▶ Directions
Check each line of the records below for the word "pairmap" and copy those where it appears.

▶ Data under study

(* Let $A$ be a finite combinatorial annulus and $r$ a $b$-weakly bounded refinement. Then $\mathrm{EEL}(rA)\le b^2\,\mathrm{EEL}(A)$.
   Context: Graphs are simple, connected, locally finite. A combinatorial annulus is the 1-skeleton (with its triangular cell structure) of a triangulated topological annulus in the plane, i.e. a region whose boundary is two disjoint Jordan curves, one enclosing the other. An edge path is a sequence of edges $[v_0,v_1],[v_1,v_2],\dots$; $\mathrm{EEL}(A)$ is the extremal length of the family of edge paths connecting the two boundary components of $A$, using metrics on edges: a metric $m:E\to[0,\infty)$ has area $\sum_e m(e)^2$, the length of a path is the sum of $m$ over its edges, and $\mathrm{EEL}=\sup_m (\inf_\gamma L_m(\gamma))^2/\mathrm{area}(m)$ over metrics of finite non-zero area. Refinement: for planar complexes $G=(V,E,F)$ and $rG=(rV,rE,rF)$, $rG$ is a refinement of $G$ if $V\subset rV$ and each edge $e=[x,y]\in E$ corresponds to a path $x=w_0,w_1,\dots,w_n=y$ in $rG$ with $[w_j,w_{j+1}]\in rE$ and $w_j\notin V$ for $0<j<n$. Write $\mathrm{eInc}_r(e)=\{[w_0,w_1],\dots,[w_{n-1},w_n]\}$. $r$ is $b$-weakly bounded if $|\mathrm{eInc}_r(e)|\le b$ for all $e\in E$. *)

From HB Require Import structures.
From mathcomp Require Import all_boot all_order all_algebra.
From mathcomp Require Import all_classical all_reals all_analysis.

Set Implicit Arguments.
Unset Strict Implicit.
Unset Printing Implicit Defensive.

Import Order.TTheory GRing.Theory Num.Theory numFieldNormedType.Exports.
Local Open Scope classical_set_scope.
Local Open Scope ring_scope.

Notation pt R := (Real.sort R * Real.sort R)%type.

Section PlaneTopology.
Variable R : realType.
Local Notation pt := (pt R).

Definition I01 : set R := [set t | 0 <= t <= 1].

Definition is_arc (g : R -> pt) : Prop :=
  {within I01, continuous g} /\
  (forall s t, I01 s -> I01 t -> g s = g t -> s = t).

Definition arc_img (g : R -> pt) : set pt := g @` I01.

Definition jordan_curve (J : set pt) : Prop :=
  exists g : R -> pt,
    [/\ {within I01, continuous g}, g 0 = g 1,
        (forall s t, 0 <= s < 1 -> 0 <= t < 1 -> g s = g t -> s = t)
      & J = g @` I01].

Definition bounded_pts (S : set pt) : Prop :=
  exists M : R, forall p, S p -> `|p.1| <= M /\ `|p.2| <= M.

(** Points in a bounded component of the complement of [J]
    (for a Jordan curve: the region enclosed by [J]). *)
Definition inside (J : set pt) : set pt :=
  [set p | ~ J p /\ bounded_pts (connected_component (~` J) p)].

Definition closed_annulus (Om Jin Jout : set pt) : Prop :=
  [/\ jordan_curve Jin, jordan_curve Jout, Jin `&` Jout = set0
    & Jin `<=` inside Jout] /\
  [/\ Om = closure (interior Om), connected (interior Om)
    & Om `\` interior Om = Jin `|` Jout].

End PlaneTopology.

(** Data of an embedded, triangulated finite planar complex whose underlying
    space is meant to be a closed annulus [tOm] with boundary curves
    [tJin], [tJout]. *)
Unset Implicit Arguments.
Record tri_data (R : realType) := TriData {
  tV : finType;
  tadj : rel tV;                     (* adjacency (edges of the 1-skeleton) *)
  tpos : tV -> pt R;
  tarc : tV -> tV -> R -> pt R;      (* the arc realising the edge [x,y] *)
  tF : {set {set tV}};               (* triangular faces *)
  tOm : set (pt R);                  (* the closed annulus *)
  tJin : set (pt R);
  tJout : set (pt R)
}.
Arguments tV {R}. Arguments tadj {R}. Arguments tpos {R}. Arguments tarc {R}.
Arguments tF {R}. Arguments tOm {R}. Arguments tJin {R}. Arguments tJout {R}.
Set Implicit Arguments.

Section Triangulated.
Variable R : realType.
Variable A : tri_data R.

Definition edge_img (x y : tV A) : set (pt R) := arc_img (tarc A x y).

Definition face_curve (f : {set tV A}) : set (pt R) :=
  [set p | exists x y, [/\ x \in f, y \in f, tadj A x y & edge_img x y p]].

Definition face_int (f : {set tV A}) : set (pt R) := inside (face_curve f).

Definition face_region (f : {set tV A}) : set (pt R) :=
  face_curve f `|` face_int f.

Definition is_comb_annulus : Prop :=
  symmetric (tadj A) /\ irreflexive (tadj A) /\
  injective (tpos A) /\ (forall v, tOm A (tpos A v)) /\
      (forall x y, tadj A x y ->
         [/\ is_arc (tarc A x y), tarc A x y 0 = tpos A x,
             tarc A x y 1 = tpos A y, edge_img x y = edge_img y x
           & edge_img x y `<=` tOm A]) /\
      (forall x y z, tadj A x y -> edge_img x y (tpos A z) -> z = x \/ z = y) /\
      (forall x y u v p, tadj A x y -> tadj A u v ->
         edge_img x y p -> edge_img u v p ->
         [set x; y]%SET = [set u; v]%SET \/ exists z, p = tpos A z) /\
      (forall f, f \in tF A ->
         #|f| = 3 /\ {in f &, forall x y, x != y -> tadj A x y}) /\
      (forall x y, tadj A x y -> exists2 f, f \in tF A & x \in f /\ y \in f) /\
      (forall f, f \in tF A ->
         (forall z, ~ face_int f (tpos A z)) /\
         (forall x y, tadj A x y -> face_int f `&` edge_img x y = set0)) /\
      (forall f g, f \in tF A -> g \in tF A -> f != g ->
         face_int f `&` face_int g = set0) /\
      tOm A = \bigcup_(f in [set f | f \in tF A]) face_region f /\
  closed_annulus (tOm A) (tJin A) (tJout A).

Definition bd_in : set (tV A) := [set v | tJin A (tpos A v)].
Definition bd_out : set (tV A) := [set v | tJout A (tpos A v)].

End Triangulated.

Section EEL.
Variable R : realType.
Variables (V : finType) (adj : rel V) (B1 B2 : set V).

Definition is_edge (e : {set V}) : bool :=
  [exists x, exists y, adj x y && (e == [set x; y]%SET)].

(** A metric assigns a value to each edge (edges are 2-element sets). *)
Definition area (m : {set V} -> R) : R :=
  \sum_(e : {set V} | is_edge e) m e ^+ 2.

Definition path_len (m : {set V} -> R) (v0 : V) (p : seq V) : R :=
  \sum_(e <- pairmap (fun x y => [set x; y]%SET) v0 p) m e.

Definition connecting (v0 : V) (p : seq V) : Prop :=
  [/\ path adj v0 p, B1 v0 & B2 (last v0 p)].

Definition min_len (m : {set V} -> R) : R :=
  inf [set l | exists v0 p, connecting v0 p /\ l = path_len m v0 p].

Definition admissible_metric (m : {set V} -> R) : Prop :=
  (forall e, is_edge e -> 0 <= m e) /\ area m != 0.

Definition EEL : \bar R :=
  ereal_sup [set ((min_len m) ^+ 2 / area m)%:E | m in admissible_metric].

End EEL.

Definition EEL_ann (R : realType) (A : tri_data R) : \bar R :=
  EEL R (tadj A) (@bd_in R A) (@bd_out R A).

(** [rA] is a refinement of [A] which is [b]-weakly bounded: both are
    triangulations of the same annulus, V is contained in rV (same points),
    and each edge [x,y] of A is realised by an edge path
    x = w_0, ..., w_n = y of rA with interior vertices not in V, whose arcs
    make up the arc of [x,y]; the set eInc of edges of this path has at most
    [b] elements. *)
Definition weakly_bounded_refinement (R : realType) (A rA : tri_data R)
    (b : nat) : Prop :=
  exists (iota : tV A -> tV rA) (rp : tV A -> tV A -> seq (tV rA)),
  [/\ injective iota, (forall v, tpos rA (iota v) = tpos A v)
    & [/\ tOm rA = tOm A, tJin rA = tJin A & tJout rA = tJout A]] /\
  forall x y, tadj A x y ->
    (* x = w_0, w_1, ..., w_n = y, with rp x y = [:: w_1; ...; w_n] *)
    [/\ path (tadj rA) (iota x) (rp x y),
        last (iota x) (rp x y) = iota y,
        (* w_j is not in V for 0 < j < n *)
        (forall i, (i.+1 < size (rp x y))%N -> forall v,
           nth (iota x) (rp x y) i != iota v),
        edge_img x y =
          \bigcup_(i in [set i | (i < size (rp x y))%N])
             edge_img (nth (iota x) (iota x :: rp x y) i)
                      (nth (iota x) (rp x y) i)
      &
        (#|[set e in pairmap (fun u w => [set u; w]%SET) (iota x) (rp x y)]%SET|
          <= b)%N].

(* A metric m on the edges of rA is pushed to A: the edge [x,y] gets the total m-weight
   of eInc_r([x,y]). An edge path of A joining the two boundary curves lifts, edge by edge,
   to such a path of rA using every edge of each eInc_r at most once, so the minimal length
   does not decrease. By Cauchy-Schwarz, |eInc_r(e)| <= b and the disjointness of the sets
   eInc_r(e) (two edge arcs of A meet only in vertices, whereas an arc is infinite), the area
   grows at most by the factor b. Hence EEL(rA) <= b EEL(A) <= b^2 EEL(A).
   Topology also provides a path of A between the boundary curves: the faces reachable from
   a vertex and the remaining faces would split the connected annulus into two disjoint
   closed sets, and each boundary curve meets a vertex because a Jordan curve never lies
   inside one arc. *)

From mathcomp Require Import all_boot all_order all_algebra.
From mathcomp Require Import all_classical all_reals all_analysis.
From mathcomp Require Import lra.

Set Implicit Arguments.
Unset Strict Implicit.
Unset Printing Implicit Defensive.

Import Order.TTheory GRing.Theory Num.Theory numFieldNormedType.Exports.
Local Open Scope classical_set_scope.
Local Open Scope ring_scope.

Lemma connected_sub_closed_cover (T : topologicalType) (S X Y : set T) :
  connected S -> closed S -> closed X -> closed Y -> S `<=` X `|` Y ->
  X `&` Y `&` S = set0 -> S `<=` X \/ S `<=` Y.
Proof.
move=> cS clS clX clY SXY XYS0.
have XSYS0 : X `&` S `&` (Y `&` S) = set0 by rewrite setIACA setIid.
have sep : separated (X `&` S) (Y `&` S).
  by rewrite /separated -!(iffLR (closure_id _) (closedI _ clS)).
have [] := connected_subset sep _ cS.
- by move=> p Sp; case: (SXY p Sp) => ?; [left | right].
- by move=> sub; left => p /sub [].
- by move=> sub; right => p /sub [].
Qed.

Section PlaneTopology.
Variable R : realType.
Local Notation pt := (pt R).
Local Notation I01 := (@I01 R).

Lemma connected_ball_R (x e : R) : connected (ball x e).
Proof. by rewrite ball_itv; apply/connected_intervalP; exact: interval_is_interval. Qed.

Lemma connected_ball_plane (q : pt) (e : R) : 0 < e -> connected (ball q e).
Proof.
move=> e0.
have vert (a : R) : continuous (fun t : R => ((a, t) : pt)).
  by move=> t; exact: (cvg_pair (cvg_cst a) cvg_id).
have horiz (a : R) : continuous (fun t : R => ((t, a) : pt)).
  by move=> t; exact: (cvg_pair cvg_id (cvg_cst a)).
have -> : ball q e = \bigcup_(a in ball q.1 e)
    ((fun t => ((a, t) : pt)) @` ball q.2 e `|` (fun t => ((t, q.2) : pt)) @` ball q.1 e).
  apply/seteqP; split.
    by move=> [y1 y2] [/= b1 b2]; exists y1 => //; left; exists y2.
  by move=> y [a ba [[t bt <-]|[t bt <-]]]; split => //=; exact: ballxx.
apply: bigcup_connected.
  by exists q => a _; right; exists q.1; [exact: ballxx | case: q].
move=> a ba; apply: connectedU.
- by exists (a, q.2); split; [exists q.2 => //; exact: ballxx | exists a].
- apply: connected_continuous_connected; first exact: connected_ball_R.
  exact/continuous_subspaceT/vert.
- apply: connected_continuous_connected; first exact: connected_ball_R.
  exact/continuous_subspaceT/horiz.
Qed.

Lemma connected_nbhs_setC (J : set pt) q : closed J -> ~ J q ->
  exists2 N, nbhs q N & connected N /\ N `<=` ~` J.
Proof.
move=> cJ nJq.
have /nbhs_ballP [e /= e0 eJ] : nbhs q (~` J).
  by apply: open_nbhs_nbhs; split => //; exact: closed_openC.
by exists (ball q e); [exact: nbhsx_ballx | split => //; exact: connected_ball_plane].
Qed.

Lemma open_inside (J : set pt) : closed J -> open (inside J).
Proof.
move=> cJ; rewrite openE => p [nJp bd].
have [N Np [cN NJ]] := connected_nbhs_setC cJ nJp.
have pN := nbhs_singleton Np.
apply: filterS Np => q Nq.
have Cpq : connected_component (~` J) p q.
  exact: (connected_component_max pN NJ cN Nq).
by split; [exact: NJ | rewrite -(same_connected_component Cpq)].
Qed.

▶ Exercise result
  \sum_(e <- pairmap (fun x y => [set x; y]%SET) v0 p) m e.
        (#|[set e in pairmap (fun u w => [set u; w]%SET) (iota x) (rp x y)]%SET|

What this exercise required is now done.